(PROVIDED RECORDS)
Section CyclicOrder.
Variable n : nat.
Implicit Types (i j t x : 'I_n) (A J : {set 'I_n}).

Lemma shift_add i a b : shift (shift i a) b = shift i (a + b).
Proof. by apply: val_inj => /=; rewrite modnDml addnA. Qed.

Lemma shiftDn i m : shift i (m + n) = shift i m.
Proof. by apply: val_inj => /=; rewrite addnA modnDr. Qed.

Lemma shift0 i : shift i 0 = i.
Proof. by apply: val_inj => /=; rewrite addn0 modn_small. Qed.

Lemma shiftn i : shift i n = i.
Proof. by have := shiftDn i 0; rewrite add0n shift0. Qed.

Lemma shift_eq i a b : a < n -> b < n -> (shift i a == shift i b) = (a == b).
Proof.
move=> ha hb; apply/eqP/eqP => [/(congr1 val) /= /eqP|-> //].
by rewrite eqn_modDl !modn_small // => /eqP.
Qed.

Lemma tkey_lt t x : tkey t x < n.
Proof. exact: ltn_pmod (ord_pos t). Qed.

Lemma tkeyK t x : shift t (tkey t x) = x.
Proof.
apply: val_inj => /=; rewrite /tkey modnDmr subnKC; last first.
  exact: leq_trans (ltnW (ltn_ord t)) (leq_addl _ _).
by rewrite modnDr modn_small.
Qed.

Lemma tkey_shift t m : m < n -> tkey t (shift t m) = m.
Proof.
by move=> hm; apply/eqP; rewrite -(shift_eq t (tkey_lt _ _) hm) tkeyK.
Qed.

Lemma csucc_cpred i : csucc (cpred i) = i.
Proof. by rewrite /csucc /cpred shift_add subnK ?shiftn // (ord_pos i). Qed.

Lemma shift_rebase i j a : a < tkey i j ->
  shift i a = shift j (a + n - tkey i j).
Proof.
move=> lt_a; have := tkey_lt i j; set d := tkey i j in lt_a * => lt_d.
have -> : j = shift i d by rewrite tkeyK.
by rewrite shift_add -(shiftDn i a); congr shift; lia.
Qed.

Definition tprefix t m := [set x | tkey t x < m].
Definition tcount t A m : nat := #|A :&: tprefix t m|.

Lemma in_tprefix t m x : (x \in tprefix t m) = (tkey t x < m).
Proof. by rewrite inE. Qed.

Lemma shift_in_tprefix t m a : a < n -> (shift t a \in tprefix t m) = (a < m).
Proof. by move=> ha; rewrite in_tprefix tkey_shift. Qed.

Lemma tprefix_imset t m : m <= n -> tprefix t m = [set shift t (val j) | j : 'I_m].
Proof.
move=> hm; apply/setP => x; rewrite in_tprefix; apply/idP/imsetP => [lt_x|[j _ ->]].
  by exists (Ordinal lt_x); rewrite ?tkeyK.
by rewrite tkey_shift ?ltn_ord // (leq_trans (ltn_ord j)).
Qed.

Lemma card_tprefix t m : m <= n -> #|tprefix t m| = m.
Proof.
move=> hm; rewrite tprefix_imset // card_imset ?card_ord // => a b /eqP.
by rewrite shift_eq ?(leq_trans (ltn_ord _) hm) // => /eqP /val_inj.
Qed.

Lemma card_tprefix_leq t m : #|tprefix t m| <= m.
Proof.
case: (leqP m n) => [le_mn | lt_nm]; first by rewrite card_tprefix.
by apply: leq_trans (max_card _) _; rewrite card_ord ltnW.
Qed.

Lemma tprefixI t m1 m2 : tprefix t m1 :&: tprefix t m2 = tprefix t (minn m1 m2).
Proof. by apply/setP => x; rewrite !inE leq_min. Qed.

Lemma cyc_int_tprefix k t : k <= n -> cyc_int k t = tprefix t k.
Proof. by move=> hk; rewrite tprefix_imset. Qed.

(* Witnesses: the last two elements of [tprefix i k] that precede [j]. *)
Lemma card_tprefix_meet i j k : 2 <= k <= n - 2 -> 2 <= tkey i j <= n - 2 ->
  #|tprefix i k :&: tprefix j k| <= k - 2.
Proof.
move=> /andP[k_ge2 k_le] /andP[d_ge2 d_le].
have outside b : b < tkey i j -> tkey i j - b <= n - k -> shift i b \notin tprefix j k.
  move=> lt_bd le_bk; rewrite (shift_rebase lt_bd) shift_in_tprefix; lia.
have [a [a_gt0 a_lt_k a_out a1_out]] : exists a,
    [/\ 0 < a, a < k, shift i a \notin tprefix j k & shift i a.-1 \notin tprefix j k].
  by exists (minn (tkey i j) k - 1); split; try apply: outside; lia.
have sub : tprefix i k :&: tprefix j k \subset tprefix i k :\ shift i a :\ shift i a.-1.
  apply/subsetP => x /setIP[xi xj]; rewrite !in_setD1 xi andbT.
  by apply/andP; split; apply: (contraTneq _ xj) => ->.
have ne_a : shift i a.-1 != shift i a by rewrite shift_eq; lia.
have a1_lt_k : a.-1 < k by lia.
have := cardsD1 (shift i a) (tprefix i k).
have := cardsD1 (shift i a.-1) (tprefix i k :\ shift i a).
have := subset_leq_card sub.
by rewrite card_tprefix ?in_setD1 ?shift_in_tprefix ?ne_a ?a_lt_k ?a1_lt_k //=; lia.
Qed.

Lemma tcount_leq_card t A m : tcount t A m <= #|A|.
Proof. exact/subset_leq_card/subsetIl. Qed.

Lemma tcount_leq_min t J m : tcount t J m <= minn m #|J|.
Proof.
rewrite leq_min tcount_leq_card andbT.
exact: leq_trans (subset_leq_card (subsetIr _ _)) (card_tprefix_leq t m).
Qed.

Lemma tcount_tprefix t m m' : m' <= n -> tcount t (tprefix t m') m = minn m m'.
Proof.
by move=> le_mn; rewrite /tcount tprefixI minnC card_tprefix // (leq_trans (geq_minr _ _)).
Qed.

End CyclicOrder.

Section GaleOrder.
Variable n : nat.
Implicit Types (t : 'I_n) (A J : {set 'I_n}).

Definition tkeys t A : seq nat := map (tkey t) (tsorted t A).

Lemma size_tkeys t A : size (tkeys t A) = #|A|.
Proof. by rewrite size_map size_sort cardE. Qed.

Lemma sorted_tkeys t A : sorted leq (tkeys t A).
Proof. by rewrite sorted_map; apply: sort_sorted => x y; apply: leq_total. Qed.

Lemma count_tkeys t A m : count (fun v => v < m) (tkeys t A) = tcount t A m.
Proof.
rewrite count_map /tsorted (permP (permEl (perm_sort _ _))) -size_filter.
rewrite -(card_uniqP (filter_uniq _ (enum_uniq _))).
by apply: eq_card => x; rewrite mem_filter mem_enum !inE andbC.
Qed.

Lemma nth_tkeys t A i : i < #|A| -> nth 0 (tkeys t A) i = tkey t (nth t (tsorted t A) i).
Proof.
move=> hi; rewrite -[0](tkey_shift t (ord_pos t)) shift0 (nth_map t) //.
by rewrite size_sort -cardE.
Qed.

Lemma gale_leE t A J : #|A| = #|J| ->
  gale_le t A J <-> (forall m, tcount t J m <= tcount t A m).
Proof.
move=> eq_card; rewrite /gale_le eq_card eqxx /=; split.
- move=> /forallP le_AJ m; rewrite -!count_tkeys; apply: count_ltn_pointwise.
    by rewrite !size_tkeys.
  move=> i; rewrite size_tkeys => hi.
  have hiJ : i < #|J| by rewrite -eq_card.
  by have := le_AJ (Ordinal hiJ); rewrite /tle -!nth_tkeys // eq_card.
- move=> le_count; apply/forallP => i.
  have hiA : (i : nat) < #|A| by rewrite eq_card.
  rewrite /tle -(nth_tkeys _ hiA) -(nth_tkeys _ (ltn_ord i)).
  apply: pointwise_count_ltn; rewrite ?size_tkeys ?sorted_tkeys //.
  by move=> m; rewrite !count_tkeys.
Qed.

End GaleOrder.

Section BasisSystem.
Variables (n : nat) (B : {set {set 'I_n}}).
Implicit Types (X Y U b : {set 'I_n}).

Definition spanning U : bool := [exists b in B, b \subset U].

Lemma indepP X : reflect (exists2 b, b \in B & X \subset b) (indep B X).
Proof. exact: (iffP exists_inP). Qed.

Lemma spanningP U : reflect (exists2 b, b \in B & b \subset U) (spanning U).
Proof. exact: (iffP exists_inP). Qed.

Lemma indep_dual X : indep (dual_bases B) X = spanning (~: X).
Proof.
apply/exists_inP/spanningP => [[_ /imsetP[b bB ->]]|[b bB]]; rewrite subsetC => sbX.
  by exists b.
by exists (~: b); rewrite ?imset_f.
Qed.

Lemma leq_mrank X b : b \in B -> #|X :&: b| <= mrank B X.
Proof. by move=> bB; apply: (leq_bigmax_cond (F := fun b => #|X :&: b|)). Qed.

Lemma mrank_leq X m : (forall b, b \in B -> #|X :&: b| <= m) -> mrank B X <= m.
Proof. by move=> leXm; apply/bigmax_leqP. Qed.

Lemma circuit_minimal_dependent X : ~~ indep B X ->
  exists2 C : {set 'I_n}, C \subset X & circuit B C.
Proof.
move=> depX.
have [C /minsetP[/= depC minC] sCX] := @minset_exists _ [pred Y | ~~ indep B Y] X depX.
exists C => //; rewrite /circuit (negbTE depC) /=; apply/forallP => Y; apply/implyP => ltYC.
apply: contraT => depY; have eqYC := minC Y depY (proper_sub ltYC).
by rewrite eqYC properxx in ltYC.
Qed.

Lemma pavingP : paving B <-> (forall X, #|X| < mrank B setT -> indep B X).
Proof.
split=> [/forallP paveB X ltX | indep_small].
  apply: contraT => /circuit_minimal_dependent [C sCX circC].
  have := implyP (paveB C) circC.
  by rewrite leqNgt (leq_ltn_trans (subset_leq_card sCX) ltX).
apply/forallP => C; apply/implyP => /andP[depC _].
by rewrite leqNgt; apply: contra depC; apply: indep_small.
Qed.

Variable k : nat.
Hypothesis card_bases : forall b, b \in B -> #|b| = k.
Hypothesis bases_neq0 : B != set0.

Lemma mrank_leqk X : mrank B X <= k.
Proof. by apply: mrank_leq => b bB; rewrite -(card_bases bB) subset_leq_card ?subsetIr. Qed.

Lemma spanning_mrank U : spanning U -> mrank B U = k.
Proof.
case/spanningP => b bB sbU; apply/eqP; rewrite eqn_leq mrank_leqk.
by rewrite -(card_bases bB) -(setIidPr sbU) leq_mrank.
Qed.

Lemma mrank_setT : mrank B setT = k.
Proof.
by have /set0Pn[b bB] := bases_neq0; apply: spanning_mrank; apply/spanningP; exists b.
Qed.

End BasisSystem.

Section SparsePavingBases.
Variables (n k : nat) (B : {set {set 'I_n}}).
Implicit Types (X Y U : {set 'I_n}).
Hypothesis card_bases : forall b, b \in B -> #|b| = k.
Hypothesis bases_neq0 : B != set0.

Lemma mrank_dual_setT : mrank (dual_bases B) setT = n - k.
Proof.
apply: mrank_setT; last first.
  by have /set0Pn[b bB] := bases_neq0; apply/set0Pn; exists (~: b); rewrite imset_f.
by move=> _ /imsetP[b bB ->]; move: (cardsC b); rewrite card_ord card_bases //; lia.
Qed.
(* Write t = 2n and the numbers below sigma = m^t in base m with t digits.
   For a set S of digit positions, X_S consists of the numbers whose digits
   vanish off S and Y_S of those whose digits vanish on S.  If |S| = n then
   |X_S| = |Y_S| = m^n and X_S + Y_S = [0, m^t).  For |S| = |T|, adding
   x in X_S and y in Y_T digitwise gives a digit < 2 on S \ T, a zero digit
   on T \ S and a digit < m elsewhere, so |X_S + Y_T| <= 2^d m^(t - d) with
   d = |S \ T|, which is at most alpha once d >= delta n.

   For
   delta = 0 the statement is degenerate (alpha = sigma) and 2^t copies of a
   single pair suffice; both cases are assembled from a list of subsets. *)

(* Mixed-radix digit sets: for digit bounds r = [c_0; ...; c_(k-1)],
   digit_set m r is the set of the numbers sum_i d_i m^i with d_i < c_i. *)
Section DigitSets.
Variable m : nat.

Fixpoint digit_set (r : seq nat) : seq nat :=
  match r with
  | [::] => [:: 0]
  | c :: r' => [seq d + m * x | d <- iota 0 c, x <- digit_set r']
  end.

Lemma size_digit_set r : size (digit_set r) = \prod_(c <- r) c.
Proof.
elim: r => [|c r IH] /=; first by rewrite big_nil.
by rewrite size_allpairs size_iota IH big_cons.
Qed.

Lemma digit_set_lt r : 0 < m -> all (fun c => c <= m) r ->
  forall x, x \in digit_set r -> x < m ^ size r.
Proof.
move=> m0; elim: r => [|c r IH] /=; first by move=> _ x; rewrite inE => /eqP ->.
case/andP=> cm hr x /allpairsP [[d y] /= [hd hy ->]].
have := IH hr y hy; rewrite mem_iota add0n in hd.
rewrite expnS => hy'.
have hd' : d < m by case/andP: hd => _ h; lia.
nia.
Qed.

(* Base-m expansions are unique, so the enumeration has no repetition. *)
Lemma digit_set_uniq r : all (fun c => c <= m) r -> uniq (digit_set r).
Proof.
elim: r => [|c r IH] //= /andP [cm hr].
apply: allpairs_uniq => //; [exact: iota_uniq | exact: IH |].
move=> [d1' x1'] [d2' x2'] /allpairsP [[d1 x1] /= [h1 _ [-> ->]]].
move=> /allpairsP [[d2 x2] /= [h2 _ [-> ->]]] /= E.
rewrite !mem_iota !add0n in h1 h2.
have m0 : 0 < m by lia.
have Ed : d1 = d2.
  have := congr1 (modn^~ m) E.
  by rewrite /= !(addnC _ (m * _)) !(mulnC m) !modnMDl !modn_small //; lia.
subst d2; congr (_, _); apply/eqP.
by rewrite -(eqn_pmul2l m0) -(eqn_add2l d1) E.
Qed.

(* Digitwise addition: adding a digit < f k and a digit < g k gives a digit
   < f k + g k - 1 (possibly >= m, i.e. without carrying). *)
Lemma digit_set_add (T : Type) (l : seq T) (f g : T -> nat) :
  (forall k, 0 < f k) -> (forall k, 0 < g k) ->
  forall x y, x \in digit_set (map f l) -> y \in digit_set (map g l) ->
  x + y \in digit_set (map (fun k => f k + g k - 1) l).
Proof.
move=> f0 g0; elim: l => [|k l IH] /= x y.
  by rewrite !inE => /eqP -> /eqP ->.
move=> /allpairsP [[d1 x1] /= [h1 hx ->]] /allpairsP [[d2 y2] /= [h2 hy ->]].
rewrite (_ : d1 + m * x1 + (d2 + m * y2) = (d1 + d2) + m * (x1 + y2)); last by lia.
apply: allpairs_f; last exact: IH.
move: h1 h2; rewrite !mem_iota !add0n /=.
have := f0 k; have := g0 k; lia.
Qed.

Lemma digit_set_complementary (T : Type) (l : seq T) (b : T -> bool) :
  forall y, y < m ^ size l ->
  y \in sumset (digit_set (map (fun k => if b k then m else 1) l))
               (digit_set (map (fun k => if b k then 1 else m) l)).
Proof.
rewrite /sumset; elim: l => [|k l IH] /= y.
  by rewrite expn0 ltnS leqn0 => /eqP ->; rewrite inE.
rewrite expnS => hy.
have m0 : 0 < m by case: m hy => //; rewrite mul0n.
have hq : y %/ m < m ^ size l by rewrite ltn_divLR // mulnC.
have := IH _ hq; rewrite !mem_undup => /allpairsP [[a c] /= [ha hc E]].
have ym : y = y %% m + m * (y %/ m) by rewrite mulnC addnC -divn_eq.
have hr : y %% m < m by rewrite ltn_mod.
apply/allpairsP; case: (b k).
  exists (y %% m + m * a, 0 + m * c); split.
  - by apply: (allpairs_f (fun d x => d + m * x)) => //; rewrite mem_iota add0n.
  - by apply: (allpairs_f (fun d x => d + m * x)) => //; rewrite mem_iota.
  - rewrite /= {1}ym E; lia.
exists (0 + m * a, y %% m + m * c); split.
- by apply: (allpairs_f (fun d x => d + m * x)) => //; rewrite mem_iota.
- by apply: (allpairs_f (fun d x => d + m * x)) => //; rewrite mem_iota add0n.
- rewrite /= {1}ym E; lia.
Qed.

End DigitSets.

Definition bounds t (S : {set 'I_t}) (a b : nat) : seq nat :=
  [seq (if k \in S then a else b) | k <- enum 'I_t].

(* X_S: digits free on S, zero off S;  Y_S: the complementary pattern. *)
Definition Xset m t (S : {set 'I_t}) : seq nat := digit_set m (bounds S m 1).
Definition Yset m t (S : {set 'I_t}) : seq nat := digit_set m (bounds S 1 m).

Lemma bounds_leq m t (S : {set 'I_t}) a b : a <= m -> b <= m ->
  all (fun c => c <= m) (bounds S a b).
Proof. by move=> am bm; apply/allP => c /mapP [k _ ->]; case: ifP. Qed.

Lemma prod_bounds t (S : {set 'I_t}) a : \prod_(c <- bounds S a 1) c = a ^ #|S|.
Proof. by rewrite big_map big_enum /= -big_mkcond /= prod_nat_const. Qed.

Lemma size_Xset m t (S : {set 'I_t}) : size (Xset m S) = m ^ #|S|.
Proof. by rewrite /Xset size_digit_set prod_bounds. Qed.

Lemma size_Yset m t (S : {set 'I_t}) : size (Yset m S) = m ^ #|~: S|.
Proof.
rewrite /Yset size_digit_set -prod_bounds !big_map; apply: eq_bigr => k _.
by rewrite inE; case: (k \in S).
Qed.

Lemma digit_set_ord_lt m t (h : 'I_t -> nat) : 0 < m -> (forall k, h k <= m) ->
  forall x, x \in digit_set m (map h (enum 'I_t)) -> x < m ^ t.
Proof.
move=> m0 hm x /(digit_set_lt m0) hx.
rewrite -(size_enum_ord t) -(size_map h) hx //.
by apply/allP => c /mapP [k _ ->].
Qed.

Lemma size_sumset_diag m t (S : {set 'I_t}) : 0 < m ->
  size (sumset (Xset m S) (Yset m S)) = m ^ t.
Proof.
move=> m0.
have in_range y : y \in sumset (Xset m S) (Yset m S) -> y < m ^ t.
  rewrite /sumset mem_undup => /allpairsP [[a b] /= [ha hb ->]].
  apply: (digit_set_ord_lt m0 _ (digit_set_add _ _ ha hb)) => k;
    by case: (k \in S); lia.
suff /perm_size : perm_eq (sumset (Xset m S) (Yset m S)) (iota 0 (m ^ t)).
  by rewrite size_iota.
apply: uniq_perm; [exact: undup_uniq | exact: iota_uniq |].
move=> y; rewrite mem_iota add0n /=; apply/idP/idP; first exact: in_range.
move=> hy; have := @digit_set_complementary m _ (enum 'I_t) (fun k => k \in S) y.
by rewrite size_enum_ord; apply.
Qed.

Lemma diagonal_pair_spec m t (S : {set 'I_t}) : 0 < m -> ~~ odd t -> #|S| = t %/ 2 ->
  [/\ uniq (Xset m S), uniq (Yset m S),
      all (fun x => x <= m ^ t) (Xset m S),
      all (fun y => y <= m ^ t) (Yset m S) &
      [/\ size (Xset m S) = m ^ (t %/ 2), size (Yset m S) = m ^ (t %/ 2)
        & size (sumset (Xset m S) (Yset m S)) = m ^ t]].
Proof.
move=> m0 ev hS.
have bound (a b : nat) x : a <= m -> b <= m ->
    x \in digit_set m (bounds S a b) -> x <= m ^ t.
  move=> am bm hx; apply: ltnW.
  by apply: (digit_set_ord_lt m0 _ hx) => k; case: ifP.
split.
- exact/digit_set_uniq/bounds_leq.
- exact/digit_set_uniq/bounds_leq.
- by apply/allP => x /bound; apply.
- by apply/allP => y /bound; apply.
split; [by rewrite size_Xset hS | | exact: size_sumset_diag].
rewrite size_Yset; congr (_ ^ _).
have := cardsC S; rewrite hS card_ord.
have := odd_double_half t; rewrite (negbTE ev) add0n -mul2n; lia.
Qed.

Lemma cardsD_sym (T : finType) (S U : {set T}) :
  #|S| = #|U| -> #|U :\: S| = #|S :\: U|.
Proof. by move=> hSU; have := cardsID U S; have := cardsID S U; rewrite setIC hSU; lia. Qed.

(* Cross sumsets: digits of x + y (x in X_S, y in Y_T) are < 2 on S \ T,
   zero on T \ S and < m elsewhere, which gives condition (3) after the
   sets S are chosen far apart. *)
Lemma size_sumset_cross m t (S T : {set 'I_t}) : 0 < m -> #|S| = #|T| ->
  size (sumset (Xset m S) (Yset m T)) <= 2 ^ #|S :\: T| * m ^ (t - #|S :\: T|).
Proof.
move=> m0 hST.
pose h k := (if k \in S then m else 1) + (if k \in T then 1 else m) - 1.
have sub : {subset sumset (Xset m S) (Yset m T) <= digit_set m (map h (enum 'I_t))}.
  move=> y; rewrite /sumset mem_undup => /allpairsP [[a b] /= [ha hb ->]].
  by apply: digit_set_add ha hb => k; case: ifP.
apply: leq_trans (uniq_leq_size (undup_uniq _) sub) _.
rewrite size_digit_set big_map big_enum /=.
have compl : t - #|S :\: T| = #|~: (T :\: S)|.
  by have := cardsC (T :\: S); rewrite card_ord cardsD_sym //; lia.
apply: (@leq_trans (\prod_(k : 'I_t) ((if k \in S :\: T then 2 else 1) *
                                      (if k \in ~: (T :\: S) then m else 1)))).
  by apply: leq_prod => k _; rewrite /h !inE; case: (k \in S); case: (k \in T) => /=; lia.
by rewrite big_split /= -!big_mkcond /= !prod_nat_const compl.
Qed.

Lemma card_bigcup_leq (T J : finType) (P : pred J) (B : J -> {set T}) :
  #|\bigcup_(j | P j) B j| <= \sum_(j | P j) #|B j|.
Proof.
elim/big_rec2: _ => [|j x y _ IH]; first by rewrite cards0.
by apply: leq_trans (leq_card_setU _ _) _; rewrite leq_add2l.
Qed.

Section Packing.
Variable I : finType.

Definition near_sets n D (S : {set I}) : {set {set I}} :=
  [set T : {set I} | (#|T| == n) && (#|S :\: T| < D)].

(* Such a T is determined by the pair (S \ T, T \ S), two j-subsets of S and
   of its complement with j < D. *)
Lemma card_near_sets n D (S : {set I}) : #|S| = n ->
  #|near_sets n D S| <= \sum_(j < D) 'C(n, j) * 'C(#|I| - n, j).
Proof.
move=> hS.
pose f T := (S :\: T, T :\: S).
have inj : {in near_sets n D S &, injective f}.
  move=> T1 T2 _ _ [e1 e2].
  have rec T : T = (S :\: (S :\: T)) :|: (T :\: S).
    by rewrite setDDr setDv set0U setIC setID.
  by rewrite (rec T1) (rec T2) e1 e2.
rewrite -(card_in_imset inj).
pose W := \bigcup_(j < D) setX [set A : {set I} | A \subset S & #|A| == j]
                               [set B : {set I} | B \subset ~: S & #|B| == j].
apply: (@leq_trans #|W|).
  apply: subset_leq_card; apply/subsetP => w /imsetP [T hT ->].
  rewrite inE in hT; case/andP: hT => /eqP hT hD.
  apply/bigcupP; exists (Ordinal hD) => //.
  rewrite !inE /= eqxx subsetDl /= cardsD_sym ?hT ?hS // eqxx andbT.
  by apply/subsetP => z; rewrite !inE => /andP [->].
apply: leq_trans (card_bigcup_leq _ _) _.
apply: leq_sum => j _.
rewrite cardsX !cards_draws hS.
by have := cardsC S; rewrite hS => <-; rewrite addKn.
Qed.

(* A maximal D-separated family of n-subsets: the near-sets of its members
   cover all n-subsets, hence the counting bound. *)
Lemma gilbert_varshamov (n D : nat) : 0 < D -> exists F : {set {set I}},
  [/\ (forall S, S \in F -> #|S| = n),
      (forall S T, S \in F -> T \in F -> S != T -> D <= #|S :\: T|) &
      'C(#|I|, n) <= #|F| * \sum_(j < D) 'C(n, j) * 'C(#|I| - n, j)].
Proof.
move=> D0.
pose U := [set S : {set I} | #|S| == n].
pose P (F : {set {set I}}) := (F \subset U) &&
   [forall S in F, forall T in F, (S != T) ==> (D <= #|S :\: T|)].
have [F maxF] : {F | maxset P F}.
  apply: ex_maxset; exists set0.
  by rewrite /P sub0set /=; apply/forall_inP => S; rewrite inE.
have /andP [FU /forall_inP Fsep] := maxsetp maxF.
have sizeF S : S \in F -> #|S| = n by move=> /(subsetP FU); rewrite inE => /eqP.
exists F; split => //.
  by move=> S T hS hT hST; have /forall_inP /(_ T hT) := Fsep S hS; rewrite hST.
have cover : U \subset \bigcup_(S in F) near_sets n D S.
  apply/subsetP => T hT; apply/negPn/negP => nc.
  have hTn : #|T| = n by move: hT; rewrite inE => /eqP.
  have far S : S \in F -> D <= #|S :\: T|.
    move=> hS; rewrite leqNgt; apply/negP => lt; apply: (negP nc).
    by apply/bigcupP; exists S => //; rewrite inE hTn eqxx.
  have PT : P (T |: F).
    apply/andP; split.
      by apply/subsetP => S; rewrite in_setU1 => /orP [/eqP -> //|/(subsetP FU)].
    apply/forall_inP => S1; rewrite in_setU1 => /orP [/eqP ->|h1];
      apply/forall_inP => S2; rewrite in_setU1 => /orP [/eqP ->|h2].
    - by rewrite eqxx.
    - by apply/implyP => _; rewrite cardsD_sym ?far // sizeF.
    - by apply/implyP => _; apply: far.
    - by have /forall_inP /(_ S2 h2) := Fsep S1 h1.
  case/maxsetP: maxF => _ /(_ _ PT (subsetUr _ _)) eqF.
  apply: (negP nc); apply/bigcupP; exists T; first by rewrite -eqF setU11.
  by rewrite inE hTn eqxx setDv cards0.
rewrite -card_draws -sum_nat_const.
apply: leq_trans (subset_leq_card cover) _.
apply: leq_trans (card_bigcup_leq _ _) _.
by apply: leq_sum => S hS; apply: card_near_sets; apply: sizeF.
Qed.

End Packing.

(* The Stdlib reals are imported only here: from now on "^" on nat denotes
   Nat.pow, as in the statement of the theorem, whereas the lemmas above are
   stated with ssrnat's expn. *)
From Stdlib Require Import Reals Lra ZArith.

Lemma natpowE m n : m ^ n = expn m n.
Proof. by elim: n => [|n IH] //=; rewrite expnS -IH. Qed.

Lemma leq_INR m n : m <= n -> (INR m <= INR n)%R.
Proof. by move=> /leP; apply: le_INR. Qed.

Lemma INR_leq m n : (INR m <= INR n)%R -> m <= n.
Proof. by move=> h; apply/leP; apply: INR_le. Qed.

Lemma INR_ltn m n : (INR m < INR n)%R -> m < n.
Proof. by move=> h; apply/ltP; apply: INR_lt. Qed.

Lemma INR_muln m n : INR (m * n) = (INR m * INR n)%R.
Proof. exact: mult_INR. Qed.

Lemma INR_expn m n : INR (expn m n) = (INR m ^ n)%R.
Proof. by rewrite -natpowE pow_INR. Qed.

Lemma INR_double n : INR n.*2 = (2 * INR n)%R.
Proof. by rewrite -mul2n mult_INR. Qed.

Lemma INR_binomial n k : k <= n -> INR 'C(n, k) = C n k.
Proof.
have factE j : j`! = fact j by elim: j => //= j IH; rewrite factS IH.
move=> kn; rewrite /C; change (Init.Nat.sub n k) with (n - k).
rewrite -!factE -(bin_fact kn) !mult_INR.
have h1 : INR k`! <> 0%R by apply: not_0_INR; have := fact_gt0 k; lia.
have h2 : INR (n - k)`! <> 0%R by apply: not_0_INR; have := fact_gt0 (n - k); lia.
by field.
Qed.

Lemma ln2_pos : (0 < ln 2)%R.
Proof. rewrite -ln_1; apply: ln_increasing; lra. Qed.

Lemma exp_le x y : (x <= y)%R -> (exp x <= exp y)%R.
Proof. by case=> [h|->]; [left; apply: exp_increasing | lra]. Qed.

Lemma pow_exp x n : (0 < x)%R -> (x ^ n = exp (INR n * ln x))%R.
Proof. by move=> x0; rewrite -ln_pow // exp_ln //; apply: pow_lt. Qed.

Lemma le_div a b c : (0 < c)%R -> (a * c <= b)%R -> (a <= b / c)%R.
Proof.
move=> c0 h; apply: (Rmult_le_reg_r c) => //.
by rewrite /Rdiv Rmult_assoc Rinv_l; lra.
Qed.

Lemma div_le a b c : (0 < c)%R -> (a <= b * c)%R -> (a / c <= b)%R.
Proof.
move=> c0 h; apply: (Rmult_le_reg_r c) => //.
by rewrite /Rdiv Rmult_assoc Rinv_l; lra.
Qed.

(WHAT IS NEEDED) Take every line in the preceding listing that contains "ltnW" and copy it.

(OUTPUT OF THE TASK)
  exact: leq_trans (ltnW (ltn_ord t)) (leq_addl _ _).
by apply: leq_trans (max_card _) _; rewrite card_ord ltnW.
  move=> am bm hx; apply: ltnW.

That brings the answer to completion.